Authors: Piper Shelly
Tags: #fiction, #romance, #adventure, #cancer, #runaway, #sad, #france, #angel, #teen, #london, #summer, #teenager, #first kiss, #ya, #first love, #best friend, #mother daughter, #teen romance, #orphanage, #new adult, #vineyards
“
Merci
,”
I replied, accepting
the drink.
She sat down on my lounge chair in front of
my legs and fumbled with the seam of the three layers of my skirt.
“That dress suits you so well. You should wear it more often.”
I winced. “I don’t feel well in it. You
shouldn’t have picked it out for me today.”
Her sneaking into my room and placing the
dress on a hanger outside my wardrobe before I woke had really
startled me this morning. Especially, since she never walked into
my room uninvited. A habit of both my aunt and uncle that I
appreciated.
A confused smile tugged on her lips, and she
glanced at me from the corner of her eye. “What are you talking
about? I never pick outfits for you to wear, you know that.”

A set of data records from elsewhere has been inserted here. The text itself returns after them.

Lemma translation_lipschitz_bohr_ap (V : normedModType R[i]) (z : V) d psi :
  `|z| = 1 -> bochner_ap d -> translation_lipschitz d psi ->
  bohr_ap setT (fun x => (psi x)%:C%C *: z).
Proof.
move=> z_norm [_ duc dnet] lip.
have distE x y : `|(psi x)%:C%C *: z - (psi y)%:C%C *: z| = `|psi x - psi y|%:C%C.
  by rewrite -scalerBl normrZ z_norm mulr1 -rmorphB /= normc_real.
split=> [t _ e e_gt0 | e e_gt0].
  have e2 : 0 < e / 2 by rewrite divr_gt0.
  have [r r_gt0 dr] := duc _ e2.
  exists r => // s _ st; rewrite distE ltcR.
  apply: le_lt_trans (lip _ _ (e / 2) _) _; last by lra.
  move=> t'; apply/ltW/dr; rewrite opprD addrACA subrr add0r.
  exact: le_lt_trans (normr_le_enorm _) st.
have [cs net] := dnet _ e_gt0.
have max_ge0 := bigmax_ge_id cs 0 xpredT enorm.
exists (\big[Num.max/0]_(c <- cs) enorm c + 1) => [|t1 _]; first by lra.
have [c cs_c t1c] := net t1.
exists (t1 - c); split=> //.
  rewrite addrAC subrr add0r enormN.
  have := le_bigmax_seq 0 c xpredT enorm cs_c isT; lra.
move=> x _; rewrite distE lecR; apply: lip => t.
have -> : t + (x + (t1 - c)) = t + x - c + t1 by rewrite !addrA addrAC.
by have := t1c (t + x - c); rewrite subrK.
Qed.

Lemma admissible_shifted_period (V : completeNormedModType R[i]) (z : V) I d c k :
  z != 0 -> ap_admissible I -> bochner_ap d -> 0 < k ->
  exists2 x, I x & forall t, d (t + (x + c)) t < k.
Proof.
move=> z_neq0 [_ [_ ext_unique]] dB k_gt0; have [dP _ _] := dB.
apply: contrapT => no_period.
have [z1 z1_norm] : exists z1 : V, `|z1| = 1.
  exists (`|z|^-1 *: z).
  by rewrite normrZ normrV ?unitfE ?normr_eq0 // normr_id mulVf ?normr_eq0.
pose chi x := (pm_sup d k (x + c))%:C%C *: z1.
pose cst : vec -> V := fun=> k%:C%C *: z1.
have chi_ap : bohr_ap setT chi.
  apply: translation_lipschitz_bohr_ap z1_norm dB _ => x x' rho near.
  apply: pm_sup_lipschitz => // t; have := near (t + c).
  by rewrite -!addrA [c + x']addrC [c + x]addrC.
have chi_I x : I x -> chi x = cst x.
  move=> Ix; rewrite /chi /cst; congr (_%:C%C *: _).
  apply/eqP; rewrite eq_le pm_sup_le //= leNgt; apply/negP => lt_k.
  by apply: no_period; exists x => //; exact: pm_sup_lt.
have [H [_ _ unique]] := ext_unique V cst (unif_cont_on_cst _ _) (bohr_ap_cst _ _).
have : chi = cst.
  by rewrite (unique _ chi_ap chi_I); apply/esym/unique => //; exact: bohr_ap_cst.
move/(congr1 (fun f => `|f (- c)|)); rewrite /chi /cst /= addNr pm_sup0 // !normrZ.
rewrite z1_norm !mulr1 !normc_real normr0 => /(congr1 (@complex.Re R)) /= /esym/eqP.
by rewrite normr_eq0 (gt_eqF k_gt0).
Qed.

Lemma admissible_pm_ap_in (V : completeNormedModType R[i]) (z : V) I d :
  z != 0 -> ap_admissible I -> bochner_ap d -> pm_ap_in I d.
Proof.
move=> z_neq0 adm dB e e_gt0; have [[_ _ d_tri _] _ dnet] := dB.
have e2 : 0 < e / 2 by rewrite divr_gt0.
have /choice [x xP] : forall c, exists x, I x /\ forall t, d (t + (x + c)) t < e / 2.
  by move=> c; have [x Ix ?] := admissible_shifted_period c z_neq0 adm dB e2; exists x.
have [cs net] := dnet _ e2.
have max_ge0 := bigmax_ge_id cs 0 xpredT (fun c => enorm (x c)).
exists (\big[Num.max/0]_(c <- cs) enorm (x c) + 1) => [|t0 It0]; first by lra.
have [c cs_c t0c] := net t0; have [Ixc xcP] := xP c.
exists (x c + t0); split.
- by have [_ [addI _]] := adm; exact: addI.
- rewrite addrK.
  by have := le_bigmax_seq 0 c xpredT (fun c => enorm (x c)) cs_c isT; lra.
- move=> t; have := d_tri (t + (x c + t0)) (t + (x c + c)) t.
  by have := t0c (t + x c); have := xcP t; rewrite -!addrA; lra.
Qed.

End AdmissibleCommonPeriods.

Section DistFun.
Variables (R : realType) (n : nat) (V : normedModType R[i]).
Local Notation vec := 'rV[R]_n.
Implicit Types h : vec -> V.

Definition dist_fun h : vec -> vec -> R := fun u v => rnorm (h u - h v).

Lemma pseudometric_dist_fun h : pseudometric (dist_fun h).
Proof.
split=> [u v|u v|u v w|u]; rewrite /dist_fun.
- exact: rnorm_ge0.
- exact: rnorm_distC.
- exact: rnorm_distD.
- by rewrite subrr /rnorm normr0.
Qed.

Lemma bochner_ap_dist_fun h : bohr_ap setT h -> bochner_ap (dist_fun h).
Proof.
move=> [hcont hap]; apply: pm_ap_bochner_ap; first exact: pseudometric_dist_fun.
  move=> u e e_gt0; have [r r_gt0 hr] := hcont u I e e_gt0.
  have n1_gt0 : 0 < n%:R + 1 :> R by rewrite ltr_wpDl.
  exists (r / (n%:R + 1)) => [|v]; first by rewrite divr_gt0.
  rewrite ltr_pdivlMr // => vu; rewrite /dist_fun -rnorm_lt; apply: hr => //.
  by apply: le_lt_trans (enorm_le_normr _) _; have := normr_ge0 (v - u); nra.
move=> e e_gt0; have [l l_gt0 hl] := hap e e_gt0; exists l => // t0 _.
have [tau [_ tau_t0 htau]] := hl t0 I; exists tau; split=> // t.
by rewrite /dist_fun -rnorm_le; exact: htau.
Qed.

Lemma bohr_ap_range_net h (J : set vec) r : bohr_ap setT h -> 0 < r ->
  exists ss : seq vec, forall t, J t ->
    exists s, [/\ s \in ss, J s & rnorm (h t - h s) < r].
Proof.
move=> hap r_gt0; have [_ _ hnet] := bochner_ap_dist_fun hap.
have r3 : 0 < r / 3 by rewrite divr_gt0.
have [cs net] := hnet _ r3.
pose near c s := [/\ J s & rnorm (h s - h c) <= r / 3].
exists [seq xget 0 (near c) | c <- cs] => t Jt.
have [c cs_c tc] := net t; have /= := tc 0; rewrite /dist_fun !add0r => {}tc.
have [Js sc] : near c (xget 0 (near c)) by apply: xgetPex; exists t.
exists (xget 0 (near c)); split=> //; first exact: map_f.
have := rnorm_distD (h c) (h t) (h (xget 0 (near c))).
by rewrite (rnorm_distC (h c)); lra.
Qed.

End DistFun.

Section Extension.
Variables (R : realType) (n : nat) (V : completeNormedModType R[i]).
Variable I : set 'rV[R]_n.
Implicit Types H : 'rV[R]_n -> V.

(* When H has no almost periodic extension this is the zero function, which
   is still almost periodic. *)
Definition ap_extension H : 'rV[R]_n -> V :=
  xget (fun=> 0) [set Ht | bohr_ap setT Ht /\ forall t, I t -> Ht t = H t].

Lemma ap_extension_bohr_ap H : bohr_ap setT (ap_extension H).
Proof. by rewrite /ap_extension; case: xgetP => [Ht _ [] //|_]; exact: bohr_ap_cst. Qed.

Lemma ap_extensionE H : ap_admissible I -> unif_cont_on I H -> bohr_ap I H ->
  forall t, I t -> ap_extension H t = H t.
Proof.
move=> [_ [_ ext]] Huc Hap; have [Ht [Ht_ap HtE _]] := ext V H Huc Hap.
rewrite /ap_extension; set P := [set Ht | _].
by have [] : P (xget (fun=> 0) P) by apply: xgetPex; exists Ht.
Qed.

End Extension.

Section Composition.
Variables (R : realType) (n : nat) (Y Z : normedModType R[i]).
Variables (I : set 'rV[R]_n) (B : set Y) (G : 'rV[R]_n -> Y -> Z).

Lemma unif_cont_on_cont (H : 'rV[R]_n -> Z) : unif_cont_on I H -> cont_on I H.
Proof.
move=> Huc t It e e_gt0; have [r r_gt0 Hr] := Huc e e_gt0.
by exists r => // s Is; exact: Hr.
Qed.

Lemma unif_cont_on2_section y : unif_cont_on2 I B G -> B y -> unif_cont_on I (G^~ y).
Proof.
move=> Guc By e e_gt0; have [r r_gt0 Gr] := Guc e e_gt0; exists r => // s t Is It st.
by apply: Gr => //; rewrite subrr normr0 ltcR.
Qed.

Lemma bohr_B_ap_section BB y : bohr_B_ap I BB G -> BB B -> B y -> bohr_ap I (G^~ y).
Proof.
move=> [Gcont Gap] BB_B By; split=> [t It e e_gt0 | e e_gt0].
  have [r r_gt0 Gr] := Gcont t y It e e_gt0; exists r => // s Is st.
  by apply: Gr => //; rewrite subrr normr0 ltcR.
have [l l_gt0 Gl] := Gap B BB_B e e_gt0; exists l => // t0 It0.
by have [tau [Itau tau_t0 Gtau]] := Gl t0 It0; exists tau; split=> // t It; exact: Gtau.
Qed.

Lemma unif_cont_on2_comp F : unif_cont_on2 I B G -> unif_cont_on I F ->
  (forall t, I t -> B (F t)) -> unif_cont_on I (fun t => G t (F t)).
Proof.
move=> Guc Fuc FB e e_gt0; have [r r_gt0 Gr] := Guc e e_gt0.
have [r' r'_gt0 Fr] := Fuc r r_gt0.
exists (Num.min r r') => [|s t Is It]; first by rewrite lt_min r_gt0.
by rewrite lt_min => /andP[st st']; apply: Gr => //; [exact: FB|exact: FB|exact: Fr].
Qed.

Lemma unif_cont_on2_increment_le : unif_cont_on2 I B G -> forall e, 0 < e ->
  exists2 r, 0 < r & forall t t' x x' y, I t -> I t' -> B x -> B x' -> B y ->
    rnorm (x' - y) < r -> rnorm (x - y) < r ->
    rnorm (G t' x' - G t x) <= rnorm (G t' y - G t y) + e.
Proof.
move=> Guc e e_gt0; have e2 : 0 < e / 2 by rewrite divr_gt0.
have [r r_gt0 Gr] := Guc _ e2; exists r => // t t' x x' y It It' Bx Bx' By x'y xy.
have near s a b : I s -> B a -> B b -> rnorm (a - b) < r ->
    rnorm (G s a - G s b) < e / 2.
  by move=> Is Ba Bb ab; rewrite -rnorm_lt; apply: Gr; rewrite ?subrr ?enorm0 ?rnorm_lt.
rewrite rnorm_distC in xy.
have := near _ _ _ It' Bx' By x'y; have := near _ _ _ It By Bx xy.
have := rnorm_distD (G t' y) (G t' x') (G t x).
have := rnorm_distD (G t y) (G t' y) (G t x); lra.
Qed.

End Composition.

Section AlmostPeriodicComposition.
Variables (R : realType) (n : nat) (Y Z : completeNormedModType R[i]).
Variables (I : set 'rV[R]_n) (B : set Y).
Variables (F : 'rV[R]_n -> Y) (G : 'rV[R]_n -> Y -> Z).
Hypotheses (adm : ap_admissible I) (Fuc : unif_cont_on I F) (Fap : bohr_ap I F).
Hypotheses (Guc : unif_cont_on2 I B G) (FB : forall t, I t -> B (F t)).
Hypothesis Gsec : forall y, B y -> bohr_ap I (G^~ y).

“But you placed the hanger on my wardrobe
door,” I replied, suddenly not so sure. “How else would it get
there?”
And how indeed
?
“Maybe you put it there before you went to
bed last night?”
“You know me. When have I ever chosen a
color like this to wear?” I arched a brow and lifted the top layer
of the skirt demonstratively. “I don’t even know why this was still
in my wardrobe. I thought I’d given all the fancy colored clothes
back to you ages ago.”
Marie cupped my chin, searching my face with
compassionate eyes. For the flash of a second her mind was
transparent. I dreaded her next words.
But sure as hell, she didn’t disappoint. “Is
this like the piano playing in the middle of the night?”
Hell yeah, it was. And just because none of
them had heard the music at night, it didn’t mean that no one had
played the damn piano. My song.
Hallelujah.
The melody that
had stuck in my head since I was a child.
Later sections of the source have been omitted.